Provided data
(* Let $S$ and $A$ be finite-dimensional quantum systems with Hilbert spaces $\mathcal H_S\cong\mathbb C^{d_S}$ and $\mathcal H_A\cong\mathbb C^{d_A}$, and let $H_S=\sum_{k=1}^{d_S}\epsilon_k|\epsilon_k\rangle\langle\epsilon_k|$ with $\epsilon_1<\epsilon_2<\dots<\epsilon_{d_S}$. Fix a real number $r\neq 0$ and the utility function $u(w)=\frac{1}{r}(1-e^{-rw})$. Let $\rho_{SA}$ be a density matrix on $\mathcal H_S\otimes\mathcal H_A$, $\rho_S=\mathrm{Tr}_A\rho_{SA}$, and let $\{|a\rangle\}_{a=1}^{d_A}$ be any orthonormal basis of $\mathcal H_A$ with projectors $\Pi^A_a=|a\rangle\langle a|$. Write the spectral decompositions $e^{-rH_S/2}\rho_S e^{-rH_S/2}=\sum_k u_k|u_k\rangle\langle u_k|$ with $u_1\ge u_2\ge\dots$, and, for each $a$ with $p_a>0$, $e^{-rH_S/2}\rho_{S|a}e^{-rH_S/2}=\sum_k u^a_k|u^a_k\rangle\langle u^a_k|$ with $u^a_1\ge u^a_2\ge\dots$. Set $y_k=e^{r\epsilon_k}/r$ (so $y_k<y_{k+1}$), $\tilde H_S=\sum_k y_k|u_k\rangle\langle u_k|$ and $\tilde\rho_{S|a}=e^{-rH_S/2}\rho_{S|a}e^{-rH_S/2}$. Then $$\mathcal U_{\{\Pi^A_a\}}(\rho_{SA})-\mathcal U(\rho_S)=\sum_{a:\,p_a>0}p_a\,\tilde{\mathcal E}(\tilde\rho_{S|a})\ge 0,$$ where $\tilde{\mathcal E}(\tilde\rho_{S|a})$, the ergotropy of the (non-normalized) operator $\tilde\rho_{S|a}$ with respect to $\tilde H_S$, is given explicitly by $$\tilde{\mathcal E}(\tilde\rho_{S|a})=\sum_{k,j}u^a_j\left(|\langle u_k|u^a_j\rangle|^2-\delta_{j,k}\right)y_k .$$
   Context: Conditional states: for an orthonormal basis $\{|a\rangle\}$ of $\mathcal H_A$, $p_a=\mathrm{Tr}[(I^S\otimes\Pi^A_a)\rho_{SA}]$ and, when $p_a>0$, $\rho_{S|a}=\mathrm{Tr}_A[(I^S\otimes\Pi^A_a)\rho_{SA}(I^S\otimes\Pi^A_a)]/p_a$. For a density matrix $\rho$ on $\mathcal H_S$ and a unitary $U$, the expected utility (with respect to the symmetric work quasiprobability) is $$\langle u(w)\rangle_{\rho,U}=\sum_{i,j,k}\mathrm{Re}\big(\langle\epsilon_i|\rho|\epsilon_j\rangle\langle\epsilon_j|U^\dagger|\epsilon_k\rangle\langle\epsilon_k|U|\epsilon_i\rangle\big)\,u\!\left(\tfrac{\epsilon_i+\epsilon_j}{2}-\epsilon_k\right),$$ the optimal expected utility is $\mathcal U(\rho)=\max_{U}\langle u(w)\rangle_{\rho,U}$ (maximum over unitaries on $\mathcal H_S$), and the daemonic expected utility is $\mathcal U_{\{\Pi^A_a\}}(\rho_{SA})=\sum_{a:\,p_a>0}p_a\,\mathcal U(\rho_{S|a})$. The ergotropy of a positive semidefinite operator $X$ with respect to a Hermitian operator $K$ is $\max_V\big(\mathrm{Tr}[KX]-\mathrm{Tr}[KVXV^\dagger]\big)$ over unitaries $V$. *)

From HB Require Import structures.
From mathcomp Require Import all_boot all_order all_algebra.
From mathcomp Require Import complex mxtens.
From mathcomp Require Import classical_sets reals.
From mathcomp Require Import sequences exp.

Set Implicit Arguments.
Unset Strict Implicit.
Unset Printing Implicit Defensive.

Import Order.TTheory GRing.Theory Num.Theory.
Local Open Scope ring_scope.
Local Open Scope complex_scope.
Local Open Scope classical_set_scope.

Section QDefs.
Variable R : realType.
Local Notation C := (R[i]).

Definition adj {m n} (M : 'M[C]_(m, n)) : 'M[C]_(n, m) := map_mx Num.conj (M^T).

Definition hermitian {n} (M : 'M[C]_n) : Prop := adj M = M.

Definition psd {n} (M : 'M[C]_n) : Prop :=
  hermitian M /\ forall v : 'cV[C]_n, 0 <= (adj v *m M *m v) 0 0.

Definition density {n} (M : 'M[C]_n) : Prop := psd M /\ \tr M = 1.

Definition unitary {n} (U : 'M[C]_n) : Prop := U \is unitarymx.

Definition RC (x : R) : C := x%:C.

Definition diagR {n} (d : 'I_n -> R) : 'M[C]_n := diag_mx (\row_k RC (d k)).

Definition sqnorm (z : C) : R := (complex.Re z) ^+ 2 + (complex.Im z) ^+ 2.

Definition utility (r w : R) : R := (1 - expR (- (r * w))) / r.

(* H_S = sum_k eps_k |eps_k><eps_k|, |eps_k> = k-th column of the unitary E.
   <eps_i| X |eps_j> = (adj E *m X *m E) i j. *)
Definition melt {n} (E X : 'M[C]_n) (i j : 'I_n) : C := (adj E *m X *m E) i j.

(* expected utility <u(w)>_{rho,U} w.r.t. the symmetric work quasiprobability *)
Definition exp_utility (r : R) {n} (E : 'M[C]_n) (eps : 'I_n -> R)
    (rho U : 'M[C]_n) : R :=
  \sum_(i < n) \sum_(j < n) \sum_(k < n)
    complex.Re (melt E rho i j * melt E (adj U) j k * melt E U k i)
    * utility r ((eps i + eps j) / 2 - eps k).

(* optimal expected utility: max over unitaries (written as sup; the max is
   attained by compactness of the unitary group) *)
Definition opt_utility (r : R) {n} (E : 'M[C]_n) (eps : 'I_n -> R)
    (rho : 'M[C]_n) : R :=
  sup [set x : R | exists U : 'M[C]_n, unitary U /\ x = exp_utility r E eps rho U].

(* partial trace over A of an operator on H_S (x) H_A, with the index of
   |i> (x) |a> being mxtens_index (i, a) (the convention of *t) *)
Definition ptraceA {dS dA} (M : 'M[C]_(dS * dA)) : 'M[C]_dS :=
  \matrix_(i, j) \sum_(b < dA) M (mxtens_index (i, b)) (mxtens_index (j, b)).

(* projector |a><a|, |a> = a-th column of the unitary B *)
Definition projA {dA} (B : 'M[C]_dA) (a : 'I_dA) : 'M[C]_dA :=
  col a B *m adj (col a B).

Definition liftA {dS dA} (B : 'M[C]_dA) (a : 'I_dA) : 'M[C]_(dS * dA) :=
  (1%:M : 'M[C]_dS) *t projA B a.

(* p_a = Tr[(I (x) Pi_a) rho] (real since rho is a density matrix) *)
Definition prob {dS dA} (B : 'M[C]_dA) (rho : 'M[C]_(dS * dA)) (a : 'I_dA) : R :=
  complex.Re (\tr (liftA B a *m rho)).

Definition cond_state {dS dA} (B : 'M[C]_dA) (rho : 'M[C]_(dS * dA)) (a : 'I_dA)
    : 'M[C]_dS :=
  RC ((prob B rho a)^-1) *: ptraceA (liftA B a *m rho *m liftA B a).

Definition daemonic_utility (r : R) {dS dA} (E : 'M[C]_dS) (eps : 'I_dS -> R)
    (B : 'M[C]_dA) (rho : 'M[C]_(dS * dA)) : R :=
  \sum_(a < dA | 0 < prob B rho a) prob B rho a * opt_utility r E eps (cond_state B rho a).

Definition ergotropy {n} (K X : 'M[C]_n) : R :=
  sup [set x : R | exists V : 'M[C]_n, unitary V /\
        x = complex.Re (\tr (K *m X)) - complex.Re (\tr (K *m V *m X *m adj V))].

Definition expH (r : R) {n} (E : 'M[C]_n) (eps : 'I_n -> R) : 'M[C]_n :=
  E *m diagR (fun k => expR (- (r * eps k) / 2)) *m adj E.

Definition spec_decomp {n} (M W : 'M[C]_n) (u : 'I_n -> R) : Prop :=
  unitary W /\ (forall i j : 'I_n, (i <= j)%N -> u j <= u i) /\
  M = W *m diagR u *m adj W.

End QDefs.
Lemma below_roof_vshift z d : 0 <= d -> below_roof (vshift z d) -> below_roof z.
Proof.
move=> d0 zr t t_in; have [/andP[h1 _] /andP[h2 _]] := hcoord_vshift_walls z t_in d0.
by have [? ?] := zr t t_in; split; exact: le_trans h1 _ || exact: le_trans h2 _.
Qed.

Lemma monotonization_vshift {z d d'} : M z -> M (vshift z d) -> 0 <= d' <= d ->
  M (vshift z d').
Proof.
move=> /monotonizationP[zf _] /monotonizationP[_ zr] /andP[d'0 d'd].
apply/monotonizationP; split; first exact: above_floor_vshift.
apply: (below_roof_vshift _ (d - d')); first by rewrite subr_ge0.
by rewrite vshiftD addrC subrK.
Qed.

Lemma vertical_lineseg_sub {z d} : M z -> 0 <= d -> M (vshift z d) ->
  lineseg z (vshift z d) `<=` M.
Proof.
move=> Mz d0 Mzd _ [l /= /[!in_itv] /= /andP[l0 l1] <-]; rewrite seg_vshift.
by apply: (monotonization_vshift Mz Mzd); rewrite mulr_ge0 //= ler_piMl.
Qed.

Lemma below_roof_highest {p} : below_roof p ->
  exists2 d, 0 <= d & below_roof (vshift p d) /\
    forall e, 0 < e -> ~ below_roof (vshift p (d + e)).
Proof.
move=> pr; pose D : set R := [set d | 0 <= d /\ below_roof (vshift p d)].
have D0 : D 0 by split; rewrite // /vshift addr0 -surjective_pairing.
have zero_in : (0 : R) <= 0 <= omega by rewrite lexx omega_ge0.
have Dub : has_ubound D.
  by exists (1 - p.2) => d [_ /(_ 0 zero_in)[_]]; rewrite hcoord_top /=; lra.
have sup_ge0 : 0 <= sup D by exact: ub_le_sup.
exists (sup D) => //; split; last first.
  move=> e e_gt0 /(conj (addr_ge0 sup_ge0 (ltW e_gt0)))/(ub_le_sup Dub); lra.
move=> t t_in; have [s1 s2] := sin_ge0_walls t_in.
rewrite !hcoord_vshift ![sup D * _]mulrC.
by split; apply: (affine_sup_le (ex_intro _ 0 D0) Dub) => // d [_ /(_ t t_in)];
  rewrite !hcoord_vshift ![d * _]mulrC => -[].
Qed.

Lemma below_roof_slack {z} : below_roof z ->
  (forall t, 0 <= t <= omega -> hcoord S t z != 1 /\ hcoord S (t + pi / 2) z != 1) ->
  exists2 e, 0 < e & below_roof (vshift z e).
Proof.
move=> zr zfree.
have zlt t : 0 <= t <= omega -> hcoord S (t + 0) z < 1 /\ hcoord S (t + pi / 2) z < 1.
  move=> t_in; have [? ?] := zr t t_in; have [? ?] := zfree t t_in.
  by rewrite addr0 !lt_neqAle; split; apply/andP.
have gap a : (forall t, 0 <= t <= omega -> hcoord S (t + a) z < 1) ->
    exists2 e, 0 < e & forall t, 0 <= t <= omega -> hcoord S (t + a) z + e <= 1.
  move=> alt; have fcont : {within `[0, omega], continuous (fun t => 1 - hcoord S (t + a) z)}.
    apply: continuous_subspaceT => t; apply: cvgB; first exact: cvg_cst.
    exact: continuous_hcoord_shift.
  have fpos t : 0 <= t <= omega -> 0 < 1 - hcoord S (t + a) z by move/alt; rewrite subr_gt0.
  have [e e_gt0 e_le] := continuous_pos_lbound omega_ge0 fcont fpos.
  by exists e => // t /e_le; rewrite lerBrDr addrC.
have [e1 e1_gt0 e1_le] := gap 0 (fun t t_in => (zlt t t_in).1).
have [e2 e2_gt0 e2_le] := gap (pi / 2) (fun t t_in => (zlt t t_in).2).
exists (Num.min e1 e2); first by rewrite lt_min e1_gt0.
have e_ge0 : 0 <= Num.min e1 e2 by rewrite le_min !ltW.
move=> t t_in; have [/andP[_ h1] /andP[_ h2]] := hcoord_vshift_walls z t_in e_ge0.
have := e1_le t t_in; have := e2_le t t_in; rewrite addr0.
have /andP[m1 m2] : (Num.min e1 e2 <= e1) && (Num.min e1 e2 <= e2).
  by rewrite !ge_min !lexx orbT.
by split; lra.
Qed.

Lemma monotonization_top {p} : M p ->
  exists2 d, 0 <= d & M (vshift p d) /\ exists2 t0, 0 <= t0 <= omega &
    hcoord S t0 (vshift p d) = 1 \/ hcoord S (t0 + pi / 2) (vshift p d) = 1.
Proof.
case/monotonizationP => pf pr; have [d d0 [dr dmax]] := below_roof_highest pr.
exists d => //; split; first by apply/monotonizationP; split; first exact: above_floor_vshift.
apply: contrapT => untouched.
have [|e e_gt0] := below_roof_slack dr.
  move=> t t_in; split; apply/eqP => touch; apply: untouched; exists t => //.
  - by left.
  - by right.
by rewrite vshiftD; exact: dmax.
Qed.

Lemma monotonization_seg z q l : M z -> M q -> 0 <= l <= 1 ->
  (forall t, 0 <= t <= omega ->
     0 <= hcoord S t (seg z q l) \/ 0 <= hcoord S (t + pi / 2) (seg z q l)) ->
  M (seg z q l).
Proof.
move=> /monotonizationP[[z2 zw _] zr] /monotonizationP[[q2 qw _] qr] l01 corner.
apply/monotonizationP; split; first split=> //.
- exact: conv_ge.
- by rewrite dotp_seg; exact: conv_ge.
move=> t t_in; rewrite !hcoord_seg.
by have [? ?] := zr t t_in; have [? ?] := qr t t_in; split; exact: conv_le.
Qed.

Lemma wall_lineseg_sub {a z s} :
  (forall t, 0 <= t <= omega -> 0 <= cos (a - t) \/ 0 <= sin (a - t)) ->
  M z -> S s -> hcoord S a z = 1 -> hcoord S a s = 1 -> lineseg z s `<=` M.
Proof.
move=> a_ok Mz Ss za sa _ [l /= /[!in_itv] /= l01 <-].
have Ms : M s by exact: sofa_sub_monotonization.
apply: monotonization_seg => // t t_in; rewrite !hcoord_seg.
(* [(c, b)] is the wall normal [u_ a] in the frame of [L_S S t]. *)
set c := cos (a - t); set b := sin (a - t).
have cb1 : c ^+ 2 + b ^+ 2 = 1 by rewrite cos2Dsin2.
have frame q q' : hcoord S a q' - hcoord S a q =
    c * (hcoord S t q' - hcoord S t q) +
    b * (hcoord S (t + pi / 2) q' - hcoord S (t + pi / 2) q).
  by rewrite /hcoord !(dotp_u_frame a t) -/c -/b; ring.
have [[c_ge0 b_ge0] | c_or_b_lt0] : (0 <= c /\ 0 <= b) \/ (c < 0 \/ b < 0).
  case: (lerP 0 c) => ?; case: (lerP 0 b) => ?; by [left | right; left | right; right].
- have [k Sk [k1 k2]] := corner_point_of_connected _ cS S0 t Scon (S_sub_L_S _ t_in).
  have := frame k (seg z s l); rewrite hcoord_seg za sa subrr mulr0 addr0 !hcoord_seg.
  have := hcoord_le1 _ cS S0 a _ Sk.
  move=> kle; rewrite !mulrBr => e; apply: (nonneg_comb c_ge0 b_ge0 cb1).
  by have := mulr_ge0 c_ge0 k1; have := mulr_ge0 b_ge0 k2; lra.
- have cb_le0 : c * b <= 0.
    by have := a_ok t t_in; rewrite -/c -/b; case: c_or_b_lt0 => ? [] ?; nra.
  have := frame z s; rewrite za sa subrr => /esym /comb0_mul_ge0 /(_ cb_le0 cb1) dxy.
  have /monotonizationP[[_ _ zc] _] := Mz; have /monotonizationP[[_ _ sc] _] := Ms.
  exact: quadrant_segment l01 (zc t t_in) (sc t t_in) dxy.
Qed.

Lemma monotonization_linked p : M p ->
  exists K, [/\ connected K, K `<=` M, K p & K `&` S !=set0].
Proof.
move=> Mp; have [d d0 [Me [t0 /andP[t0_ge0 t0_le] touch]]] := monotonization_top Mp.
set e := vshift p d in Me touch.
have cos_ge0 t : 0 <= t <= omega -> 0 <= cos (t0 - t).
  move=> /andP[t_ge0 t_le]; have pi_ge0 := pi_ge0 R; case/andP: omega_bounds => _ om_le.
  by apply: cos_ge0_pihalf; apply/andP; split; lra.
have [a a_ok ea] : exists2 a, (forall t, 0 <= t <= omega ->
    0 <= cos (a - t) \/ 0 <= sin (a - t)) & hcoord S a e = 1.
  case: touch => touch; [exists t0 | exists (t0 + pi / 2)] => // t /cos_ge0; first by left.
  by right; rewrite addrAC sinDpihalf.
have [s Ss sa] := hcoord_attained _ cS S0 a.
exists (lineseg p e `|` lineseg e s); split.
- by apply: connectedU; [exists e; split; [exact: lineseg_end | exact: lineseg_start] |
    exact: lineseg_connected | exact: lineseg_connected].
- move=> x [|]; first exact: vertical_lineseg_sub Mp d0 Me x.
  exact: wall_lineseg_sub a_ok Me Ss ea sa x.
- by left; exact: lineseg_start.
- by exists s; split=> //; right; exact: lineseg_end.
Qed.

End Monotonization.

Lemma moving_sofa_sub_L_S {R : realType} {S : set (pt R)} {omega t : R} :
  moving_sofa S omega -> 0 <= t <= omega -> S `<=` L_S S t.
Proof.
case=> _ S0 cS [theta [x [theta_cont _ [theta0 theta1] _ inside]]] /andP[t_ge0 t_le].
have [r /[!in_itv] /= r_in theta_r] : exists2 r, r \in `[0, 1] & theta r = - t.
  apply: IVT => //; rewrite theta0 theta1 ge_min le_max lerN2 oppr_le0 t_le t_ge0.
  by rewrite orbT.
apply: (sub_L_S_of_hallway_translate _ cS S0 t (x r)) => s Ss.
by have := inside r r_in _ (ex_intro2 _ _ s Ss erefl); rewrite theta_r rotN.
Qed.
(* Let $G$ be a full, flexible group of homeomorphisms of the Cantor set $\{0,1\}^\omega$. Suppose that: (1) for all $g\in G$ both $(1,g)$ and $(g,1)$ lie in $G$, and every element of $G$ supported on $I_0$ or on $I_1$ has this form; (2) for all $g\in G$ there exists $h\in G$ with $h=(g,h)$; and (3) the homeomorphism $x_0$ lies in $G$. Then $G$ is simple.
   Context: $I_\alpha$ is the set of sequences beginning with the finite word $\alpha$. $G$ is full if every homeomorphism $h$ of $\{0,1\}^\omega$ that locally agrees with $G$ (each point has a neighborhood $U$ and some $g\in G$ with $h|_U=g|_U$) belongs to $G$. $G$ is flexible if for every pair $E_1,E_2$ of proper nonempty clopen subsets there is $g\in G$ with $g(E_1)\subseteq E_2$. For homeomorphisms $f,g$, $(f,g)$ is the homeomorphism with $(f,g)(0\zeta)=0f(\zeta)$, $(f,g)(1\zeta)=1g(\zeta)$; $1$ denotes the identity. An element is supported on $E$ if it is the identity off $E$. $x_0$ is the homeomorphism (first generator of Thompson's group $F$) with $x_0(00\zeta)=0\zeta$, $x_0(01\zeta)=10\zeta$, $x_0(1\zeta)=11\zeta$ for all $\zeta\in\{0,1\}^\omega$. *)

(* The Cantor space {0,1}^omega is nat -> bool, with the
   product topology written out via cylinder (finite-prefix) neighbourhoods.
   Bit 0 is [false], bit 1 is [true]. *)

Definition cantor := nat -> bool.

Definition agree (n : nat) (x y : cantor) : Prop := forall k, k < n -> x k = y k.

Definition is_open (U : cantor -> Prop) : Prop :=
  forall x, U x -> exists n, forall y, agree n x y -> U y.

Definition is_clopen (U : cantor -> Prop) : Prop :=
  is_open U /\ is_open (fun x => ~ U x).

Definition cont (f : cantor -> cantor) : Prop :=
  forall x n, exists m, forall y, agree m x y -> agree n (f x) (f y).

Definition homeo (f : cantor -> cantor) : Prop :=
  cont f /\ exists g, cont g /\ (forall x, g (f x) = x) /\ (forall x, f (g x) = x).

Definition cid : cantor -> cantor := fun x => x.

Definition comp (f g : cantor -> cantor) : cantor -> cantor := fun x => f (g x).

Definition inverse_pair (f g : cantor -> cantor) : Prop :=
  (forall x, f (g x) = x) /\ (forall x, g (f x) = x).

What you have to do
Match on "melt": copy every line in the records that has it.

Exercise solution
Definition melt {n} (E X : 'M[C]_n) (i j : 'I_n) : C := (adj E *m X *m E) i j.
    complex.Re (melt E rho i j * melt E (adj U) j k * melt E U k i)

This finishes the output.